(Action item):
Look below for the lines from the one with "apply/rowP => i;" to the one with "rewrite /simplex_coords; under", and copy exactly those lines, both ends included.

(Collected data entries):
○ ○ ○ ○
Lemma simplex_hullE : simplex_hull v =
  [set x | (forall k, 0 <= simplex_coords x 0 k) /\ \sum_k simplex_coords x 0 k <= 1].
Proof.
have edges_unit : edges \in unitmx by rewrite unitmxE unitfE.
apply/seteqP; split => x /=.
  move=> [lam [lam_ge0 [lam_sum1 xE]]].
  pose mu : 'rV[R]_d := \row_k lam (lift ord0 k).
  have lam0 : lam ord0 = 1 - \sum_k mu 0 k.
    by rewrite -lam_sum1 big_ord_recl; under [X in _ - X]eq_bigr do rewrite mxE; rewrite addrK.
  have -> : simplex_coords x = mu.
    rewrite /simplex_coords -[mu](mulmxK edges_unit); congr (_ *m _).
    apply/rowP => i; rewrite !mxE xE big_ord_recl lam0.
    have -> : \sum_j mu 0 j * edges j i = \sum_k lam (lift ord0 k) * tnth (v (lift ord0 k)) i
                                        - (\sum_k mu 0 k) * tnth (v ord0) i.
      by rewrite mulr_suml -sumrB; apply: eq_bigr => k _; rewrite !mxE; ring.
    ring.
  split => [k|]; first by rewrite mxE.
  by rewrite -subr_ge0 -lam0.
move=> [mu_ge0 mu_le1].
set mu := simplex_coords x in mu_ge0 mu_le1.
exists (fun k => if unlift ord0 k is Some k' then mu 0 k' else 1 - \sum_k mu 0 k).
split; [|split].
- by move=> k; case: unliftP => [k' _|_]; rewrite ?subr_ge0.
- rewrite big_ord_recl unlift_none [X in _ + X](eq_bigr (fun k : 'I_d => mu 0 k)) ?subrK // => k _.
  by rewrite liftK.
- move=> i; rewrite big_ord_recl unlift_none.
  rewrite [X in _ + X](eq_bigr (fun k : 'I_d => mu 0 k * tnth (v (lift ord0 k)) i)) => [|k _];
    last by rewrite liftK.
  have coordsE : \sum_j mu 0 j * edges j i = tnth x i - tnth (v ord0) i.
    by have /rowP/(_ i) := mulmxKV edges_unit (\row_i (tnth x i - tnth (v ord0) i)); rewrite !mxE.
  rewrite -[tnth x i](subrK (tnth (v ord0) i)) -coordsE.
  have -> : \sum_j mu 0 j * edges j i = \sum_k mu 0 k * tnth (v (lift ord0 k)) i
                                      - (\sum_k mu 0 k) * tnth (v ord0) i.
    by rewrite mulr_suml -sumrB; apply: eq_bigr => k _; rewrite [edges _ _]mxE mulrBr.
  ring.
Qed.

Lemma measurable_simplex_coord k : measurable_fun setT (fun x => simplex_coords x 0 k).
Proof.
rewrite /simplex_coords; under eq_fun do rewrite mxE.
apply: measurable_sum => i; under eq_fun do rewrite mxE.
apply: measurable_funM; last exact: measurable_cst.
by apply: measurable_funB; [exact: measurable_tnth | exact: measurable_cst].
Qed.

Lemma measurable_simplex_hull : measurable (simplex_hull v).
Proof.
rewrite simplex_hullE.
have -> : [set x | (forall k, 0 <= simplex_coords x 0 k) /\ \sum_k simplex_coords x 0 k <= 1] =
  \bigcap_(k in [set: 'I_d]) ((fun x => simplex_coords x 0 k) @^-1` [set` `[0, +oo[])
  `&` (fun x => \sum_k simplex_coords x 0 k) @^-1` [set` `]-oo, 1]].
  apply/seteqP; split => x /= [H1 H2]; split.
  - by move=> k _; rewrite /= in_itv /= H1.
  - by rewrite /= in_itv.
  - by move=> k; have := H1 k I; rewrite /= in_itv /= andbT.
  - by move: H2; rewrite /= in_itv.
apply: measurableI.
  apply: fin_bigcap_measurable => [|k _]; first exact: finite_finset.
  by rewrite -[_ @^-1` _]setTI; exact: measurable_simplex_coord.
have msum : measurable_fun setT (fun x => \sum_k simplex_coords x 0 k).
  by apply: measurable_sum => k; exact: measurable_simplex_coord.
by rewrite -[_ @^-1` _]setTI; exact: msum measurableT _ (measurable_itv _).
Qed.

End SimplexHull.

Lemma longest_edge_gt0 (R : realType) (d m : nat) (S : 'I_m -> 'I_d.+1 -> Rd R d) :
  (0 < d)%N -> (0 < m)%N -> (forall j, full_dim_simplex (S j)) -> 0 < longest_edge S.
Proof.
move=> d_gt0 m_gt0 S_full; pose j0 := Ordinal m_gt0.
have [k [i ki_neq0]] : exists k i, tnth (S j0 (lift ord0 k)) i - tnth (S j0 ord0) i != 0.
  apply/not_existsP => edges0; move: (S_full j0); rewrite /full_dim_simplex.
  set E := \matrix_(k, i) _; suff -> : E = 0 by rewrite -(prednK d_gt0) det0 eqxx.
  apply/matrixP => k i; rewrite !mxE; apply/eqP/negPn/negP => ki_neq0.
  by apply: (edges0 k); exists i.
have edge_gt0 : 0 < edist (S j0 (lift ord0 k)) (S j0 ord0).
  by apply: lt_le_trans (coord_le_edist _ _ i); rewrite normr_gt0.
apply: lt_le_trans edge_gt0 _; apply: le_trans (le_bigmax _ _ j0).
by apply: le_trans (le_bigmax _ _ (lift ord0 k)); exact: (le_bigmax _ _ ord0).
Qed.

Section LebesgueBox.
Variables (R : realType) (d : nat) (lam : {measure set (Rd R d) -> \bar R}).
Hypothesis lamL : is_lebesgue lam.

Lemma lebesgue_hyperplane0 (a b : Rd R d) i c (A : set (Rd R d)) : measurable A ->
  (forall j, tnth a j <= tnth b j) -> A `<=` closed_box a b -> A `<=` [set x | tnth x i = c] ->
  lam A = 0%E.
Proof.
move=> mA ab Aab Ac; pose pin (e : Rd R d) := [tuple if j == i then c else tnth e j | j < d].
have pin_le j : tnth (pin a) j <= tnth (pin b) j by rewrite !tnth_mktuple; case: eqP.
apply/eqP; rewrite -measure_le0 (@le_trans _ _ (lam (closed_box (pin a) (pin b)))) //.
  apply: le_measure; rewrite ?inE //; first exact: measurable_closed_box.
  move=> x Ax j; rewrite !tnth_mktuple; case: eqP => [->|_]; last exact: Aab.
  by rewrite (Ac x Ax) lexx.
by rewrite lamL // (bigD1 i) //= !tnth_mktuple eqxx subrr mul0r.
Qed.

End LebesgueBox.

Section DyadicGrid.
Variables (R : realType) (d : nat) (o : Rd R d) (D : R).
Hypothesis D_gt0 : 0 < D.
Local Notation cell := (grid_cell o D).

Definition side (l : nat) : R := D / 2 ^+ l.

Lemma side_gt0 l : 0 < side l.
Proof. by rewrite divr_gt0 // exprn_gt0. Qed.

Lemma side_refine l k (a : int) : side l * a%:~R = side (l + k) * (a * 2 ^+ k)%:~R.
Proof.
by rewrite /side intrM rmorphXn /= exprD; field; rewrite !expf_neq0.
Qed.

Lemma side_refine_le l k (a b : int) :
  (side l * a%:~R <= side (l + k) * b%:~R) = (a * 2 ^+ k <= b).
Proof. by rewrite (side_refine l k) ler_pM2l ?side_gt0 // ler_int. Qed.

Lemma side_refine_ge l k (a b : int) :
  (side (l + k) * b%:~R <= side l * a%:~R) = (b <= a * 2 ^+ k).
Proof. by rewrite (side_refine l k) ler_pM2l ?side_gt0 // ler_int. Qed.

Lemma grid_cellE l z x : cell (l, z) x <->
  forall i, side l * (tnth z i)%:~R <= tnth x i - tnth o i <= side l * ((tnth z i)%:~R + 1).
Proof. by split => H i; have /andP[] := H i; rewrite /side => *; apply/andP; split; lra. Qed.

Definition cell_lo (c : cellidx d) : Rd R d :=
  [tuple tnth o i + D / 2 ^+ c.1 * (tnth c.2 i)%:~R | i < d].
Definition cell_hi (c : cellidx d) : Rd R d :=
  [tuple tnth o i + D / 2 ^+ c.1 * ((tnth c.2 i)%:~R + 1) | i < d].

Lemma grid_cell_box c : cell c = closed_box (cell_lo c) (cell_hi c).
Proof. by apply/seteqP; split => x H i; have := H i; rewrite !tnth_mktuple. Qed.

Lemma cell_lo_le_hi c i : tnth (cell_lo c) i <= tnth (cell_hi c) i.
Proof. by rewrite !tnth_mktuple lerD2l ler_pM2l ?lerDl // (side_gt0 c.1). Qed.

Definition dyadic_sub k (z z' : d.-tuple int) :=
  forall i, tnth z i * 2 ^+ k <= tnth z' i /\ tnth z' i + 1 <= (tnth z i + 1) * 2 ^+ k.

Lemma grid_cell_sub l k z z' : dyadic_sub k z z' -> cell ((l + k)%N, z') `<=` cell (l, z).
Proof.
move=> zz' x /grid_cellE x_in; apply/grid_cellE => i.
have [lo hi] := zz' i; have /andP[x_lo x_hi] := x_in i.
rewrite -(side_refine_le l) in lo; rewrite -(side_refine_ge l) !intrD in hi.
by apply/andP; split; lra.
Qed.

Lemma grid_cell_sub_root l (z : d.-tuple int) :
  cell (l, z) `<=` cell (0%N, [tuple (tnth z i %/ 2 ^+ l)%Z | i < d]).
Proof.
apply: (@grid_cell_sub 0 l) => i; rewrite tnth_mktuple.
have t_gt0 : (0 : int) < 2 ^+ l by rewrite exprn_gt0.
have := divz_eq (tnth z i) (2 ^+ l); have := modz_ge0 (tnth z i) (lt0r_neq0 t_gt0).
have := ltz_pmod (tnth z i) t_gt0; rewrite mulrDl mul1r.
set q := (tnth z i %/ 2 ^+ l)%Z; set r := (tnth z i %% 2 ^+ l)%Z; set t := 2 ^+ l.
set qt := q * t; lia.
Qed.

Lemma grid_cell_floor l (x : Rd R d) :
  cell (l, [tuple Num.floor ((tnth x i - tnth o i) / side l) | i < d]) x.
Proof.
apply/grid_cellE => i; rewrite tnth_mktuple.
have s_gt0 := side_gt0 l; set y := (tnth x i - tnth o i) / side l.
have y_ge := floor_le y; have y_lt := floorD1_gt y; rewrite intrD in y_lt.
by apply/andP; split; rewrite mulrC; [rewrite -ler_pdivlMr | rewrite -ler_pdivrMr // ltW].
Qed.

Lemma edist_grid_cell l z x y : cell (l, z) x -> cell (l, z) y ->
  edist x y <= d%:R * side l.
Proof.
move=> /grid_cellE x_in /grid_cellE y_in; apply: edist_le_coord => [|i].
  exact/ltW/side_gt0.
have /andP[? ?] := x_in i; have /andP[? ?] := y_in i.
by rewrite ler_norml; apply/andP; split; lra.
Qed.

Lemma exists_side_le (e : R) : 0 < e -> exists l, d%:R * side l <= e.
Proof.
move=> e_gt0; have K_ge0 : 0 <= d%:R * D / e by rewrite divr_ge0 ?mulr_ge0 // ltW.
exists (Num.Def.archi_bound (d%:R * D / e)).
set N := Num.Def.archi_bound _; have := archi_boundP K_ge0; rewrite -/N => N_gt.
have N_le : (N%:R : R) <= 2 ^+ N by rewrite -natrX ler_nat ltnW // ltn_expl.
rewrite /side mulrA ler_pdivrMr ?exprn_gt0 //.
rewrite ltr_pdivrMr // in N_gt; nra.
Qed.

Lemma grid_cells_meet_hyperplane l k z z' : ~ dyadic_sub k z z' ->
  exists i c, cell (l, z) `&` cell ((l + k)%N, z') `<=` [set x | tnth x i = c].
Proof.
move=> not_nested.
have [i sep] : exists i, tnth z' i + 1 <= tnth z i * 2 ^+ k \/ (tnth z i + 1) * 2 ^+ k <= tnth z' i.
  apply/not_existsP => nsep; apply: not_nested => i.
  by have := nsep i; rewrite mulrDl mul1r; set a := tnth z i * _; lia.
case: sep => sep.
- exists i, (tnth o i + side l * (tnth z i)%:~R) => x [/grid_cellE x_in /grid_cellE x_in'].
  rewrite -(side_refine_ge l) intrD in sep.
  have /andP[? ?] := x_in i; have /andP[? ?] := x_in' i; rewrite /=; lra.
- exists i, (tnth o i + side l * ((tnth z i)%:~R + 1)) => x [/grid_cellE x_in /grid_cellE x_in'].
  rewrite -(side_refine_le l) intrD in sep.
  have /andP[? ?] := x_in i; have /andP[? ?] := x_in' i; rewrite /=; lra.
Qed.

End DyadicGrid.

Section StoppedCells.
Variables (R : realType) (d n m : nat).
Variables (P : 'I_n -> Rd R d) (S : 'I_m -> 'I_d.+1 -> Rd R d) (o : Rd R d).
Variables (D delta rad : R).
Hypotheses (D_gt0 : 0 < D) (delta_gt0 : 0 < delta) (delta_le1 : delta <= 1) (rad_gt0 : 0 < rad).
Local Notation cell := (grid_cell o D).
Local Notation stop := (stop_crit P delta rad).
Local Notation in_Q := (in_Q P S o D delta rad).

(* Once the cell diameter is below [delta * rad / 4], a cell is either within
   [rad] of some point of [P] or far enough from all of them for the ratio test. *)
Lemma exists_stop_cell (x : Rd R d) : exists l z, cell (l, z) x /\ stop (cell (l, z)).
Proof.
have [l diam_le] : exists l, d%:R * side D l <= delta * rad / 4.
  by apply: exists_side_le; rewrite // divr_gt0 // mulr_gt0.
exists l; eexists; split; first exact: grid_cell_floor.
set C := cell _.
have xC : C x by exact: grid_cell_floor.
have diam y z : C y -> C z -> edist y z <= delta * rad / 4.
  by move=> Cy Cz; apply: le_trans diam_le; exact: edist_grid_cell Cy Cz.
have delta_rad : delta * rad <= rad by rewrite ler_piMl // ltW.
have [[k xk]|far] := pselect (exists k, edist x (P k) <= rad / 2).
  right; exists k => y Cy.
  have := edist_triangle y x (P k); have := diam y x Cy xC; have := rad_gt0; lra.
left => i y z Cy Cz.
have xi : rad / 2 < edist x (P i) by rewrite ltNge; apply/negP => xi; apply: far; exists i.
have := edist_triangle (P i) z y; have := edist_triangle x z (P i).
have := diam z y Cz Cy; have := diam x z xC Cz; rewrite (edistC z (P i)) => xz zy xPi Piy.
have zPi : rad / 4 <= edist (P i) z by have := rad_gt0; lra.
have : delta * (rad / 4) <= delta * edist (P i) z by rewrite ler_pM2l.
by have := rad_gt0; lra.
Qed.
○ ○ ○ ○
(Task response):
    apply/rowP => i; rewrite !mxE xE big_ord_recl lam0.
    have -> : \sum_j mu 0 j * edges j i = \sum_k lam (lift ord0 k) * tnth (v (lift ord0 k)) i
                                        - (\sum_k mu 0 k) * tnth (v ord0) i.
      by rewrite mulr_suml -sumrB; apply: eq_bigr => k _; rewrite !mxE; ring.
    ring.
  split => [k|]; first by rewrite mxE.
  by rewrite -subr_ge0 -lam0.
move=> [mu_ge0 mu_le1].
set mu := simplex_coords x in mu_ge0 mu_le1.
exists (fun k => if unlift ord0 k is Some k' then mu 0 k' else 1 - \sum_k mu 0 k).
split; [|split].
- by move=> k; case: unliftP => [k' _|_]; rewrite ?subr_ge0.
- rewrite big_ord_recl unlift_none [X in _ + X](eq_bigr (fun k : 'I_d => mu 0 k)) ?subrK // => k _.
  by rewrite liftK.
- move=> i; rewrite big_ord_recl unlift_none.
  rewrite [X in _ + X](eq_bigr (fun k : 'I_d => mu 0 k * tnth (v (lift ord0 k)) i)) => [|k _];
    last by rewrite liftK.
  have coordsE : \sum_j mu 0 j * edges j i = tnth x i - tnth (v ord0) i.
    by have /rowP/(_ i) := mulmxKV edges_unit (\row_i (tnth x i - tnth (v ord0) i)); rewrite !mxE.
  rewrite -[tnth x i](subrK (tnth (v ord0) i)) -coordsE.
  have -> : \sum_j mu 0 j * edges j i = \sum_k mu 0 k * tnth (v (lift ord0 k)) i
                                      - (\sum_k mu 0 k) * tnth (v ord0) i.
    by rewrite mulr_suml -sumrB; apply: eq_bigr => k _; rewrite [edges _ _]mxE mulrBr.
  ring.
Qed.

Lemma measurable_simplex_coord k : measurable_fun setT (fun x => simplex_coords x 0 k).
Proof.
rewrite /simplex_coords; under eq_fun do rewrite mxE.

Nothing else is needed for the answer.